(* Let $G$ be a group with generating set $S$ not containing the identity, and let $d_C$ be the cardinal metric on $G$ with respect to $S$. Then $\{L_a\circ\tau : a\in G,\ \tau\in\mathrm{Aut}(G,S)\}\subseteq \mathrm{Iso}(G,d_C)$, where $L_a(g)=ag$, $\mathrm{Aut}(G,S)$ is the group of automorphisms $\tau$ of $G$ with $\tau(S)=S$, and $\mathrm{Iso}(G,d_C)$ is the set of isometries of $(G,d_C)$ onto itself.
   Context: The cardinal norm is $\|x\| = \min\{|A| : A\subseteq S,\ x\in\langle A\rangle\}$, where $\langle A\rangle$ is the subgroup generated by $A$, and $d_C(g,h)=\|g^{-1}h\|$. *)

From Stdlib Require Import List ClassicalEpsilon.
Import ListNotations.

Record Group := {
  carrier :> Type;
  gmul : carrier -> carrier -> carrier;
  gone : carrier;
  ginv : carrier -> carrier;
  gmulA : forall x y z, gmul x (gmul y z) = gmul (gmul x y) z;
  gmul1l : forall x, gmul gone x = x;
  gmul1r : forall x, gmul x gone = x;
  gmulVl : forall x, gmul (ginv x) x = gone;
  gmulVr : forall x, gmul x (ginv x) = gone
}.

Arguments gmul {g}.
Arguments gone {g}.
Arguments ginv {g}.

Section Defs.
Variable G : Group.

Definition is_subgroup (H : G -> Prop) : Prop :=
  H gone /\ (forall x y, H x -> H y -> H (gmul x y)) /\
  (forall x, H x -> H (ginv x)).

Definition gen (A : G -> Prop) (x : G) : Prop :=
  forall H, is_subgroup H -> (forall a, A a -> H a) -> H x.

Definition generates (S : G -> Prop) : Prop := forall x : G, gen S x.

Definition card_witness (S : G -> Prop) (x : G) (n : nat) : Prop :=
  exists A : list G, NoDup A /\ length A = n /\ (forall a, In a A -> S a) /\
    gen (fun a => In a A) x.

Definition is_card_norm (S : G -> Prop) (x : G) (n : nat) : Prop :=
  card_witness S x n /\ forall m, card_witness S x m -> n <= m.

Definition card_norm (S : G -> Prop) (x : G) : nat :=
  epsilon (inhabits 0) (fun n => is_card_norm S x n).

Definition card_dist (S : G -> Prop) (g h : G) : nat :=
  card_norm S (gmul (ginv g) h).

Definition is_isometry (S : G -> Prop) (f : G -> G) : Prop :=
  (forall y, exists x, f x = y) /\
  (forall g h, card_dist S (f g) (f h) = card_dist S g h).

Definition in_Aut_S (S : G -> Prop) (tau : G -> G) : Prop :=
  (forall x y, tau (gmul x y) = gmul (tau x) (tau y)) /\
  (forall x y, tau x = tau y -> x = y) /\
  (forall y, exists x, tau x = y) /\
  (forall s, S s -> S (tau s)) /\
  (forall s, S s -> exists t, S t /\ tau t = s).

End Defs.

(* An automorphism preserving S maps every finite subset A of S with x in <A>
   to a subset of S of the same size whose span contains the image of x, and
   conversely through preimages; so it preserves the cardinal norm.  A left
   translation leaves every g^-1 h unchanged. *)
From Stdlib Require Import List FinFun FunctionalExtensionality PropExtensionality.
Import ListNotations.

Lemma ginv_mul (G : Group) (x y : G) : ginv (gmul x y) = gmul (ginv y) (ginv x).
Proof.
  rewrite <- (gmul1r G (gmul (ginv y) (ginv x))), <- (gmulVr G (gmul x y)).
  rewrite !gmulA, <- (gmulA G _ (ginv x) x), gmulVl, gmul1r, gmulVl, gmul1l.
  reflexivity.
Qed.

Lemma list_lift {A B : Type} (P : A -> Prop) (f : A -> B) (l : list B) :
  (forall b, In b l -> exists a, P a /\ f a = b) ->
  exists l', map f l' = l /\ forall a, In a l' -> P a.
Proof.
  induction l as [|b l IH]; intros Hl.
  - exists []. split; [reflexivity | intros a []].
  - destruct (Hl b (or_introl eq_refl)) as [a [Pa <-]].
    destruct IH as [l' [<- Hl']]; [intros c Hc; apply Hl; right; exact Hc|].
    exists (a :: l'). split; [reflexivity|].
    intros a' [<- | Ha']; auto.
Qed.

Section Morphism.
Variables G H : Group.
Variable f : G -> H.
Hypothesis f_mul : forall x y, f (gmul x y) = gmul (f x) (f y).

Lemma morph1 : f gone = gone.
Proof.
  assert (E : f gone = gmul (f gone) (f gone)) by (rewrite <- f_mul, gmul1l; reflexivity).
  rewrite <- (gmul1l H (f gone)), <- (gmulVl H (f gone)), <- gmulA, <- E.
  reflexivity.
Qed.

Lemma morphV x : f (ginv x) = ginv (f x).
Proof.
  rewrite <- (gmul1r H (f (ginv x))), <- (gmulVr H (f x)), gmulA, <- f_mul.
  rewrite gmulVl, morph1, gmul1l. reflexivity.
Qed.

Lemma subgroup_preim (K : H -> Prop) :
  is_subgroup H K -> is_subgroup G (fun x => K (f x)).
Proof.
  intros [K1 [KM KV]]. split; [|split].
  - rewrite morph1. exact K1.
  - intros x y Kx Ky. rewrite f_mul. auto.
  - intros x Kx. rewrite morphV. auto.
Qed.

Lemma subgroup_image (K : G -> Prop) :
  is_subgroup G K -> is_subgroup H (fun y => exists x, K x /\ f x = y).
Proof.
  intros [K1 [KM KV]]. split; [|split].
  - exists gone. split; [exact K1 | exact morph1].
  - intros _ _ [x [Kx <-]] [y [Ky <-]]. exists (gmul x y). auto.
  - intros _ [x [Kx <-]]. exists (ginv x). split; [auto | apply morphV].
Qed.

Lemma gen_morph (A : G -> Prop) (B : H -> Prop) x :
  (forall a, A a -> B (f a)) -> gen G A x -> gen H B (f x).
Proof.
  intros AB Ax K HK BK.
  apply (Ax (fun x => K (f x))); [apply subgroup_preim; exact HK | auto].
Qed.

Hypothesis f_inj : forall x y, f x = f y -> x = y.

Lemma gen_morph_inj (A : G -> Prop) (B : H -> Prop) x :
  (forall b, B b -> exists a, A a /\ f a = b) -> gen H B (f x) -> gen G A x.
Proof.
  intros BA Bx K HK AK.
  destruct (Bx _ (subgroup_image K HK)) as [y [Ky Exy]].
  - intros b Bb. destruct (BA b Bb) as [a [Aa <-]]. eauto.
  - rewrite (f_inj _ _ Exy) in Ky. exact Ky.
Qed.

Lemma card_witness_morph (S : G -> Prop) (T : H -> Prop) x n :
  (forall s, S s -> T (f s)) ->
  card_witness G S x n -> card_witness H T (f x) n.
Proof.
  intros ST [A [NDA [lenA [AS Ax]]]].
  exists (map f A). split; [|split; [|split]].
  - apply Injective_map_NoDup; [exact f_inj | exact NDA].
  - rewrite length_map. exact lenA.
  - intros b Hb. apply in_map_iff in Hb. destruct Hb as [a [<- Ha]]. auto.
  - apply (gen_morph (fun a => In a A)); [apply in_map | exact Ax].
Qed.

Lemma card_witness_morph_inv (S : G -> Prop) (T : H -> Prop) x n :
  (forall t, T t -> exists s, S s /\ f s = t) ->
  card_witness H T (f x) n -> card_witness G S x n.
Proof.
  intros TS [B [NDB [lenB [BT Bx]]]].
  destruct (list_lift S f B) as [A [<- AS]]; [auto|].
  exists A. split; [|split; [|split]].
  - exact (NoDup_map_inv f A NDB).
  - rewrite <- lenB, length_map. reflexivity.
  - exact AS.
  - apply (gen_morph_inj (fun a => In a A) (fun b => In b (map f A))); [|exact Bx].
    intros b Hb. apply in_map_iff in Hb. destruct Hb as [a [<- Ha]]. eauto.
Qed.

End Morphism.

Lemma card_norm_ext (G H : Group) (S : G -> Prop) (T : H -> Prop) x y :
  (forall n, card_witness G S x n <-> card_witness H T y n) ->
  card_norm G S x = card_norm H T y.
Proof.
  intros W. unfold card_norm.
  replace (fun n => is_card_norm H T y n) with (fun n => is_card_norm G S x n);
    [reflexivity|].
  apply functional_extensionality; intro n. apply propositional_extensionality.
  unfold is_card_norm. split; intros [Wn Min]; split;
    try (apply W; exact Wn); intros m Wm; apply Min, W, Wm.
Qed.

Lemma card_norm_aut (G : Group) (S : G -> Prop) tau x :
  in_Aut_S G S tau -> card_norm G S (tau x) = card_norm G S x.
Proof.
  intros [tau_mul [tau_inj [_ [tauS tauS']]]].
  apply card_norm_ext. intro n. split.
  - apply (card_witness_morph_inv G G tau tau_mul tau_inj S S x n tauS').
  - apply (card_witness_morph G G tau tau_mul tau_inj S S x n tauS).
Qed.

Lemma card_dist_translate (G : Group) (S : G -> Prop) (a g h : G) :
  card_dist G S (gmul a g) (gmul a h) = card_dist G S g h.
Proof.
  unfold card_dist. rewrite ginv_mul, <- gmulA, (gmulA G (ginv a)), gmulVl, gmul1l.
  reflexivity.
Qed.

Lemma card_dist_aut (G : Group) (S : G -> Prop) tau g h :
  in_Aut_S G S tau -> card_dist G S (tau g) (tau h) = card_dist G S g h.
Proof.
  intros Ht. pose proof Ht as [tau_mul _]. unfold card_dist.
  rewrite <- (morphV G G tau tau_mul), <- tau_mul. apply card_norm_aut, Ht.
Qed.

Theorem mainTheorem12 (G : Group) (S : G -> Prop)
  (hgen : generates G S) (h1 : ~ S gone) :
  forall (a : G) (tau : G -> G), in_Aut_S G S tau ->
    is_isometry G S (fun g => gmul a (tau g)).
Proof.
  intros a tau Ht. pose proof Ht as [_ [_ [tau_surj _]]]. split.
  - intro y. destruct (tau_surj (gmul (ginv a) y)) as [x Hx]. exists x.
    rewrite Hx, gmulA, gmulVr, gmul1l. reflexivity.
  - intros g h. rewrite card_dist_translate. apply card_dist_aut, Ht.
Qed.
###
Exercise requirements: Start at the first line of the data above. Stop after the line containing "ginv : carrier -> carrier;", reproducing each line exactly and adding nothing.

Your solution:
(* Let $G$ be a group with generating set $S$ not containing the identity, and let $d_C$ be the cardinal metric on $G$ with respect to $S$. Then $\{L_a\circ\tau : a\in G,\ \tau\in\mathrm{Aut}(G,S)\}\subseteq \mathrm{Iso}(G,d_C)$, where $L_a(g)=ag$, $\mathrm{Aut}(G,S)$ is the group of automorphisms $\tau$ of $G$ with $\tau(S)=S$, and $\mathrm{Iso}(G,d_C)$ is the set of isometries of $(G,d_C)$ onto itself.
   Context: The cardinal norm is $\|x\| = \min\{|A| : A\subseteq S,\ x\in\langle A\rangle\}$, where $\langle A\rangle$ is the subgroup generated by $A$, and $d_C(g,h)=\|g^{-1}h\|$. *)

From Stdlib Require Import List ClassicalEpsilon.
Import ListNotations.

Record Group := {
  carrier :> Type;
  gmul : carrier -> carrier -> carrier;
  gone : carrier;
  ginv : carrier -> carrier;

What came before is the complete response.